Optimizing is the key

Oct 1, 2007 15:10 GMT  ·  By

Avoid allowing each insertion to be committed separately, because PostgreSQL is doing a lot of work for each row that is added. For that you should consider doing just one commit at the end and avoiding autocommit turn-off. The main advantage of inserting one big transaction is that if the insertion of one row fails, then the other insertions roll back so you won't have partial data.

Another method to optimize postgresql is to use COPY commands instead of INSERT. Because COPY command is optimized for loading large numbers of rows, you can load all the rows in one command. Now you do with only one command, what you did before with a series of INSERT commands. Another advantage of using COPY command is that you don't have to turn off autocommit when populating a table, because COPY is a single command.

Example of COPY command: COPY (SELECT * FROM country WHERE country_name LIKE 'A%') TO '/usr1/proj/bray/sql/a_list_countries.copy'; Using this command, you will copy all the countries whose names start with A into a file. You will notice that using COPY command is faster than using INSERT commands, even on large numbers of rows.

In addition, you can use PREPARE and EXECUTE commands. With PREPARE you can prepare INSERT statements and with EXECUTE you can run the INSERT statements everytime you need to.

maintenance_work_mem specifies the maximum amount of memory to be used in maintenance operations, such as VACUUM, CREATE INDEX, and ALTER TABLE ADD FOREIGN KEY. The default value is 16MB, but increasing temporally this value can help you speed up CREATE INDEX commands and ALTER TABLE ADD FOREIGN KEY commands. Unfortunately, this is useful only if you use CREATE INDEX commands and ALTER TABLE ADD FOREIGN KEY commands.

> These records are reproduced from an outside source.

(* Let $p\in(0,1/2)$ and $x>2$. Let $(\xi_n)_{n\geq1}$ be i.i.d. with $\mathbf{P}(\xi_1=1)=p=1-\mathbf{P}(\xi_1=-1)$ and let $\mathcal{F}_n:=\sigma(\xi_1,\dots,\xi_n)$. Set $W_0:=x$, $B_1:=1$, $W_n:=W_{n-1}+\xi_nB_n$, $B_{n+1}:=B_n2^{\xi_n}$ for $n\geq1$, and $X_n:=W_n/B_{n+1}-2$ for $n\in\mathbb{N}$ (so $X_0=x-2$). Let $$R:=\max\left\{2,\ \frac{2p}{(1-2p)\log2}+1\right\}.$$ (i) The process defined by $M_0:=0$ and $$M_n:=\sum_{j=1}^n\left(\log X_j-\log X_{j-1}-\left(\tfrac12-p\right)\log2\right)\mathbf{1}_{\{X_{j-1}\geq R\}},\quad n\geq1,$$ is a submartingale with respect to $(\mathcal{F}_n)$ and satisfies $|M_n-M_{n-1}|\leq(5\log2)/2$ for all $n\geq1$. (ii) For $k\geq1$ let $T_k:=\#\{1\leq j\leq k: X_j\geq R\}$. There exist positive constants $C$ and $\beta$, independent of $x$, $p$ and $k$, such that for all $k\geq1$, $$\mathbf{P}\left(T_k>\tfrac{3k}{4},\ X_n\leq0\text{ for some }n\geq k\right)\leq\frac{C}{(1-2p)^2}e^{-\beta(1-2p)^3k}.$$
   Context: The summand in $M_n$ is interpreted as $0$ when $X_{j-1}<R$; when $X_{j-1}\geq R$ one has $X_j>0$ so the logarithms are defined. *)

From HB Require Import structures.
From mathcomp Require Import all_boot all_order all_algebra.
From mathcomp Require Import all_classical all_reals all_analysis.
Set Implicit Arguments. Unset Strict Implicit. Unset Printing Implicit Defensive.
Import Order.TTheory GRing.Theory Num.Theory.
Import numFieldNormedType.Exports.
Local Open Scope classical_set_scope.
Local Open Scope ring_scope.

Section Defs.
Context {R : realType} {d : measure_display} {T : measurableType d}.

(* (xi n)_{n >= 1} is an i.i.d. sequence with P(xi_n = 1) = p = 1 - P(xi_n = -1);
   xi 0 is unused. *)
Definition iid_pm1 (P : probability T R) (p : R) (xi : nat -> T -> R) : Prop :=
  [/\ (forall n, (0 < n)%N -> measurable_fun setT (xi n)),
      (forall n w, (0 < n)%N -> xi n w = 1 \/ xi n w = -1),
      (forall n, (0 < n)%N -> P (xi n @^-1` [set 1]) = p%:E),
      (forall n, (0 < n)%N -> P (xi n @^-1` [set -1]) = (1 - p)%:E) &
      (forall (I : seq nat) (B : nat -> set R),
          all (fun i => 0 < i)%N I -> uniq I -> (forall i, measurable (B i)) ->
          P (\big[setI/setT]_(i <- I) (xi i @^-1` B i))
          = (\prod_(i <- I) P (xi i @^-1` B i))%E)].

(* Bs n = B_{n+1}: B_1 = 1, B_{n+1} = B_n 2^{xi_n} *)
Fixpoint Bs (xi : nat -> T -> R) (n : nat) (w : T) : R :=
  match n with
  | 0 => 1
  | m.+1 => Bs xi m w * (2 `^ (xi m.+1 w))
  end.

Fixpoint W (x : R) (xi : nat -> T -> R) (n : nat) (w : T) : R :=
  match n with
  | 0 => x
  | m.+1 => W x xi m w + xi m.+1 w * Bs xi m w
  end.

Definition X (x : R) (xi : nat -> T -> R) (n : nat) (w : T) : R :=
  W x xi n w / Bs xi n w - 2.

Definition Rthr (p : R) : R :=
  Num.max 2 (2 * p / ((1 - 2 * p) * ln 2) + 1).

Definition Mproc (p x : R) (xi : nat -> T -> R) (n : nat) (w : T) : R :=
  \sum_(1 <= j < n.+1)
    (if Rthr p <= X x xi j.-1 w
     then ln (X x xi j w) - ln (X x xi j.-1 w) - (2^-1 - p) * ln 2
     else 0).

Definition natF (xi : nat -> T -> R) (n : nat) : set (set T) :=
  <<s [set A | exists i, (1 <= i <= n)%N /\
               exists B, measurable B /\ A = xi i @^-1` B] >>.

Definition Tcount (p x : R) (xi : nat -> T -> R) (k : nat) (w : T) : nat :=
  \sum_(1 <= j < k.+1) nat_of_bool (Rthr p <= X x xi j w)%R.

End Defs.

(* Submartingale w.r.t. a filtration F of sub-sigma-algebras: adapted,
   integrable, and E[M_{n+1} | F_n] >= M_n, expressed (conditional expectation
   is not in the library) by its defining property
   E[M_{n+1} 1_A] >= E[M_n 1_A] for every A in F_n. *)
Definition submartingale {R : realType} {d : measure_display} {T : measurableType d}
  (P : probability T R) (F : nat -> set (set T)) (M : nat -> T -> R) : Prop :=
  [/\ (forall n (B : set R), measurable B -> F n (M n @^-1` B)),
      (forall n, P.-integrable setT (EFin \o M n)) &
      (forall n (A : set T), F n A ->
         (\int[P]_(w in A) (M n w)%:E <= \int[P]_(w in A) (M n.+1 w)%:E)%E)].

(* Given the signs of xi_1, ..., xi_n, the process X evolves deterministically:
   X -> (X - 1) / 2 after xi = 1 and X -> 2 X after xi = -1.  Hence every event of F_n
   is a finite union of cylinders {(xi_1, ..., xi_n) = s}, of probability
   p^#(+1) (1 - p)^#(-1), and expectations are finite sums over sign sequences.
   (i) From X >= R, ln X gains ln 2 with probability 1 - p and loses
   ln 2 + ln (X / (X - 1)) <= ln 2 + 1 / (X - 1) with probability p; the choice of R
   makes the conditional drift at least (1/2 - p) ln 2.
   (ii) With theta = (1 - 2p) / (32 ln 2) and delta = (1 - 2p)^2 / 128,
   Z_n = exp (- theta L_n + delta V_n) is a supermartingale, where L_n sums the
   increments of ln X made from above R and V_n counts them.  L_n telescopes to at most
   ln (max X_n R) - ln R, which vanishes once X_n <= 0, while V_n >= T_k - 1 > 3k/4 - 1
   for n >= k.  Markov's inequality bounds each event {T_k > 3k/4, X_n <= 0} by
   exp (delta - 3 delta k / 4), and these events increase with n since X stays
   nonpositive once it is. *)

From HB Require Import structures.
From mathcomp Require Import all_boot all_order all_algebra.
From mathcomp Require Import all_classical all_reals all_analysis.
From mathcomp Require Import ring lra.
Import Order.TTheory GRing.Theory Num.Theory.
Import numFieldNormedType.Exports.
Set Implicit Arguments. Unset Strict Implicit. Unset Printing Implicit Defensive.
Local Open Scope classical_set_scope.
Local Open Scope ring_scope.

Fixpoint bool_seqs (n : nat) : seq (seq bool) :=
  if n is m.+1 then [seq rcons s b | s <- bool_seqs m, b <- [:: true; false]]
  else [:: [::]].

Lemma mem_bool_seqs n s : (s \in bool_seqs n) = (size s == n).
Proof.
elim: n s => [|n IH] s; first by rewrite inE; case: s.
apply/allpairsPdep/idP => [[s' [b [s'n _ ->]]]|].
  by rewrite size_rcons eqSS -IH.
case/lastP: s => [//|s b]; rewrite size_rcons eqSS -IH => sn.
by exists s, b; split => //; case: b.
Qed.

Lemma uniq_bool_seqs n : uniq (bool_seqs n).
Proof.
elim: n => [//|n IH] /=.
apply: (@allpairs_uniq _ _ _ (@rcons bool) (bool_seqs n) [:: true; false]) => //.
by move=> [s1 b1] [s2 b2] _ _ /= /eqP; rewrite eqseq_rcons => /andP[/eqP-> /eqP->].
Qed.

Lemma big_bool_seqsS (R : Type) (idx : R) (op : Monoid.law idx) n (F : seq bool -> R) :
  \big[op/idx]_(s <- bool_seqs n.+1) F s =
  \big[op/idx]_(s <- bool_seqs n) op (F (rcons s true)) (F (rcons s false)).
Proof.
rewrite big_allpairs_dep; apply: eq_bigr => s _.
by rewrite big_cons big_seq1.
Qed.

Lemma sum_shift_le (b : nat -> bool) k n : (k <= n)%N ->
  (\sum_(1 <= j < k.+1) b j <= \sum_(0 <= j < n) b j + 1)%N.
Proof.
move=> kn; rewrite (@big_cat_nat _ _ _ k 0 n) //=.
apply: (@leq_trans (\sum_(0 <= j < k.+1) b j)).
  by rewrite big_add1 big_nat_recl //= leq_addl.
by rewrite big_nat_recr //= -addnA leq_add2l (leq_trans (leq_b1 _)) // leq_addl.
Qed.

Section paths.
Variable R : realType.
Implicit Types (p y : R) (e : nat -> bool) (s : seq bool).

Definition Xstep (b : bool) y : R := if b then (y - 1) / 2 else 2 * y.

Fixpoint Xpath x0 e (n : nat) : R :=
  if n is m.+1 then Xstep (e m) (Xpath x0 e m) else x0.

Lemma eq_Xpath x0 e e' n :
  (forall i, (i < n)%N -> e i = e' i) -> Xpath x0 e n = Xpath x0 e' n.
Proof.
elim: n => [//|n IH] ee' /=.
by rewrite ee' // IH // => i lt_in; apply: ee'; exact: ltnW.
Qed.

Lemma Xpath_rcons x0 s b n :
  (n <= size s)%N -> Xpath x0 (nth false (rcons s b)) n = Xpath x0 (nth false s) n.
Proof.
move=> ns; apply: eq_Xpath => i lt_in.
by rewrite nth_rcons (leq_trans lt_in ns).
Qed.

Lemma Xpath_le0_after x0 e n m :
  Xpath x0 e n <= 0 -> (n <= m)%N -> Xpath x0 e m <= 0.
Proof.
move=> Xn0; elim: m => [|m IH]; first by rewrite leqn0 => /eqP en; rewrite -en.
rewrite leq_eqVlt => /orP[/eqP <- //|]; rewrite ltnS => /IH Xm0 /=.
by rewrite /Xstep; case: (e m); lra.
Qed.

Another way to increase the performance is to raise the value for checkpoint_segments; checkpoint segment represents the maximum distance between automatic WAL checkpoints, in log file segments. The parameter can be changed from postgresql.conf file. Whenever a checkpoint occurs, all dirty pages must be flushed to disk. By increasing checkpoint_segments temporarily during bulk data loads, the number of checkpoints that are required can be reduced.